Размер шрифта
-
+

Россия, которая могла быть - стр. 38

И тем более давно – уже почти с самого начала общей истории Руси и Литвы, обрусела правящая династия. Быть может, разнообразные Казимиры, Ольгерды, Витовты, и прочие государи – «литвины», знают лишь десяток – другой слов на языке своих предков, предпочитая изучать латынь и польский. «Русь ассимилировала Литву».

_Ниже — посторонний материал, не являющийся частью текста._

Lemma atypical_mass_le d : 0 < d ->
  \sum_(i | i \notin typical d) iid_prob p i <= surprisal_var / (N * d ^+ 2).
Proof.
move=> d_gt0.
pose Y (i : {ffun 'I_n.+1 -> 'I_D}) := \sum_k (surprisal (i k) - shannon p).
have YE i : Y i = \sum_k surprisal (i k) - N * shannon p.
  by rewrite /Y sumrB sumr_const card_ord mulr_natl.
have Nd_gt0 : 0 < N * d by rewrite mulr_gt0.
apply: le_trans (_ : \sum_(i | N * d < `|Y i|) iid_prob p i <= _).
  rewrite big_mkcond [leRHS]big_mkcond; apply: ler_sum => i _.
  case: (boolP (N * d < `|Y i|)) => [_|].
    by case: ifP => // _; exact: iid_prob_ge0.
  by rewrite -leNgt inE -YE => ->; rewrite andbT -leNgt; case: ifP.
apply: le_trans (chebyshev_fin _ (fun i => iid_prob_ge0 p_ge0 i) Nd_gt0) _.
rewrite /Y (iid_var_sum n p_sum1 (g := fun a => surprisal a - shannon p)); last first.
  under eq_bigr do rewrite mulrBr.
  by rewrite sumrB -mulr_suml p_sum1 mul1r shannonE subrr.
have -> : N * surprisal_var / (N * d) ^+ 2 = surprisal_var / (N * d ^+ 2).
  by field; rewrite gt_eqF // addrC natr1 pnatr_eq0.
by [].
Qed.

End TypicalSequences.

Lemma exists_code_on (A B : finType) (S : {set A}) (a0 : A) (b0 : B) :
  (#|S| <= #|B|)%N -> exists (f : A -> B) (g : B -> A), {in S, cancel f g}.
Proof.
move=> SB.
exists (fun x => nth b0 (enum B) (index x (enum S))).
exists (fun y => nth a0 (enum S) (index y (enum B))) => x xS.
have xS_idx : (index x (enum S) < size (enum S))%N by rewrite index_mem mem_enum.
rewrite index_uniq ?enum_uniq ?nth_index ?mem_enum //.
by apply: leq_trans xS_idx _; rewrite -!cardE.
Qed.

Коснемся положения крестьянства – то есть боле чем девяти десятых населения, в Русско-Литовской державе.

Как известно, в реально существовавшем Великом Княжестве Литовском, крепостное право окончательно утвердилось в 1588 году – за шестьдесят с лишним лет до того, как Соборное Уложение царя Алексея Михайловича узаконило его на Руси.(10,198)

Но нужно все же иметь в виду, что данное положение статута 1588 года возникло опять-таки под влиянием западного соседа.

Во всяком случае, крепостное право в различных его видах, хотя и достаточно широко распространено, тем не менее, не охватывает абсолютного большинства сельского населения, как это уже с конца XVII века произошло в отечественной истории.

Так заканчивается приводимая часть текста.